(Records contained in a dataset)
....
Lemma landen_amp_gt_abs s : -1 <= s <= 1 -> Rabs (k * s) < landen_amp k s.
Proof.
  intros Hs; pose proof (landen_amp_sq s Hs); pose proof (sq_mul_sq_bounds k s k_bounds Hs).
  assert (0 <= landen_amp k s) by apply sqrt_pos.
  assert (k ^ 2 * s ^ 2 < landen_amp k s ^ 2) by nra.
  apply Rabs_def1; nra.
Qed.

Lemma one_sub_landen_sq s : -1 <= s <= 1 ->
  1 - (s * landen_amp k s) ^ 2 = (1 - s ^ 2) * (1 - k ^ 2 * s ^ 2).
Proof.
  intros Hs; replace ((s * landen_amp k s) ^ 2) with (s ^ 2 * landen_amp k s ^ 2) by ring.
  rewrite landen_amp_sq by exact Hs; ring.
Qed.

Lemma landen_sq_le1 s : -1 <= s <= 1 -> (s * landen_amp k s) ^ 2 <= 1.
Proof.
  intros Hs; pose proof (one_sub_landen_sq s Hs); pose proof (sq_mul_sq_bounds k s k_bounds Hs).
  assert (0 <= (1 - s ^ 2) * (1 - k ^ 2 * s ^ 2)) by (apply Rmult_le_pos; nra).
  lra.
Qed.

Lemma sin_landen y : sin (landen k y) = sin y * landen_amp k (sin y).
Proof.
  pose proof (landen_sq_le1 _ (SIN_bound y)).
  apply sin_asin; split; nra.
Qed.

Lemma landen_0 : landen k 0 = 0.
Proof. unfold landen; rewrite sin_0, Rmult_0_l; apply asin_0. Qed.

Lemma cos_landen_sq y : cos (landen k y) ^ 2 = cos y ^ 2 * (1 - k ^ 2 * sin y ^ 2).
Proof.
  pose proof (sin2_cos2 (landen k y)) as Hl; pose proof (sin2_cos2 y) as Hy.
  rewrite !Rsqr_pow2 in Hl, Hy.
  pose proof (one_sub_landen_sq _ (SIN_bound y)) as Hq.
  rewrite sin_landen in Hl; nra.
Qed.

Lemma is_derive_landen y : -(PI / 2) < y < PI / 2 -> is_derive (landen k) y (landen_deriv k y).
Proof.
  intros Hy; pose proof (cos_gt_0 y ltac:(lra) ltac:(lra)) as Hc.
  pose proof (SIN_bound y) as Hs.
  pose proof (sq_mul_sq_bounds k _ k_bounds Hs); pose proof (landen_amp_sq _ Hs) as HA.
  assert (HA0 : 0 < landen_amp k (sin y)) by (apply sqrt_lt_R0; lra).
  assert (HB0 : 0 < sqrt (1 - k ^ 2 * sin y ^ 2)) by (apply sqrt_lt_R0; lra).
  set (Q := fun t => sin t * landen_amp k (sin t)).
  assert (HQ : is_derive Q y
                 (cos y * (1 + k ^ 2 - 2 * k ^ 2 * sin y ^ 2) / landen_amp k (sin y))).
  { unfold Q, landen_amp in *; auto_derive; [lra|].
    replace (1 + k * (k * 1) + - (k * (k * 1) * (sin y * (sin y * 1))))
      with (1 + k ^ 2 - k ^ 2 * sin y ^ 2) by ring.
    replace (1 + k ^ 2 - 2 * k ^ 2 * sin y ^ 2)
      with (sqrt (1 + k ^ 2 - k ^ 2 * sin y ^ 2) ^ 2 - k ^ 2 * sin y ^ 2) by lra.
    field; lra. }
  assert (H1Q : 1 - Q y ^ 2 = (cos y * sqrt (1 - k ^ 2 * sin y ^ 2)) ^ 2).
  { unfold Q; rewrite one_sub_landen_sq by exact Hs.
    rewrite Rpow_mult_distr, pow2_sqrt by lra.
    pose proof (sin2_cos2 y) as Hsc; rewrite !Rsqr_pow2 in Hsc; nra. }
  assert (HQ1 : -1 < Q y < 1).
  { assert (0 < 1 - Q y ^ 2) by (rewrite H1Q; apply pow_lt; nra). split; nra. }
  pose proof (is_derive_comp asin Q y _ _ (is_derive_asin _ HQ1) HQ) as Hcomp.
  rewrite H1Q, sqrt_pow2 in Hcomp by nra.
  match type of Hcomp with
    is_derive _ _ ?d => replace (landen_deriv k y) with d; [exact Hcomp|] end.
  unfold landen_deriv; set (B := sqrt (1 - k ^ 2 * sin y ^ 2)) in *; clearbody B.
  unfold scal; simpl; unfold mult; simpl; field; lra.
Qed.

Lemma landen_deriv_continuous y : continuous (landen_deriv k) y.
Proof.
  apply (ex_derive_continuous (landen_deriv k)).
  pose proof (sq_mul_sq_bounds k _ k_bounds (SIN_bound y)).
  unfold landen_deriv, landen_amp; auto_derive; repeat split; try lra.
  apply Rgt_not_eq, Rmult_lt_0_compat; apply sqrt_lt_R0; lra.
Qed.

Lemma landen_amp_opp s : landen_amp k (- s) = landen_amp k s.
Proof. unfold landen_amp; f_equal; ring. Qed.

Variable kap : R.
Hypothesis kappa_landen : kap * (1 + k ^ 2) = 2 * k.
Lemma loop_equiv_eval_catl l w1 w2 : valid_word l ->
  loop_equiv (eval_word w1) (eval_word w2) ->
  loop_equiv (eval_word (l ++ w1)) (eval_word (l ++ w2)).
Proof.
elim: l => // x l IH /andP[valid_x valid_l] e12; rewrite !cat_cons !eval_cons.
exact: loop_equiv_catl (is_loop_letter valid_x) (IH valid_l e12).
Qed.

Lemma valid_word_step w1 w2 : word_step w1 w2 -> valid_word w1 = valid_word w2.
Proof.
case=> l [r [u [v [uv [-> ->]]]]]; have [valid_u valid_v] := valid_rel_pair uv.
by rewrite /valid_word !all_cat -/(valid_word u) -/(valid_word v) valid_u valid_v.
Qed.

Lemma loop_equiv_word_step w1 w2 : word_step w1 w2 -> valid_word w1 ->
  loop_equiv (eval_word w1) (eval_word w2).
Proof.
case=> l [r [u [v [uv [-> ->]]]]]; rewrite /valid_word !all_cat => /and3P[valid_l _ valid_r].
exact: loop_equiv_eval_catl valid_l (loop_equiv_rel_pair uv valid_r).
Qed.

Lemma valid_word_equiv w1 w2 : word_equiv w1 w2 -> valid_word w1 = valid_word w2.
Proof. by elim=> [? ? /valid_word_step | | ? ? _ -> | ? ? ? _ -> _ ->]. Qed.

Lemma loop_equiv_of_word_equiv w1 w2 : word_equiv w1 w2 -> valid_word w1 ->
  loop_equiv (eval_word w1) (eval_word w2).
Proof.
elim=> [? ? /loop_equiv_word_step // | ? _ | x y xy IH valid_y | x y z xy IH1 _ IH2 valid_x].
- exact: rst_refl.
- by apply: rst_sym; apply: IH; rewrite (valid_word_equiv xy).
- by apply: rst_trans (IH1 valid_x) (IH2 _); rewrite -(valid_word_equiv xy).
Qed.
....
TRY IT
Leave out every line above except those from the line with "pose proof (one_sub_landen_sq _" up to and including the line with "(cos y * (1", and copy those exactly.

ANSWER TO THIS PROBLEM
  pose proof (one_sub_landen_sq _ (SIN_bound y)) as Hq.
  rewrite sin_landen in Hl; nra.
Qed.

Lemma is_derive_landen y : -(PI / 2) < y < PI / 2 -> is_derive (landen k) y (landen_deriv k y).
Proof.
  intros Hy; pose proof (cos_gt_0 y ltac:(lra) ltac:(lra)) as Hc.
  pose proof (SIN_bound y) as Hs.
  pose proof (sq_mul_sq_bounds k _ k_bounds Hs); pose proof (landen_amp_sq _ Hs) as HA.
  assert (HA0 : 0 < landen_amp k (sin y)) by (apply sqrt_lt_R0; lra).
  assert (HB0 : 0 < sqrt (1 - k ^ 2 * sin y ^ 2)) by (apply sqrt_lt_R0; lra).
  set (Q := fun t => sin t * landen_amp k (sin t)).
  assert (HQ : is_derive Q y
                 (cos y * (1 + k ^ 2 - 2 * k ^ 2 * sin y ^ 2) / landen_amp k (sin y))).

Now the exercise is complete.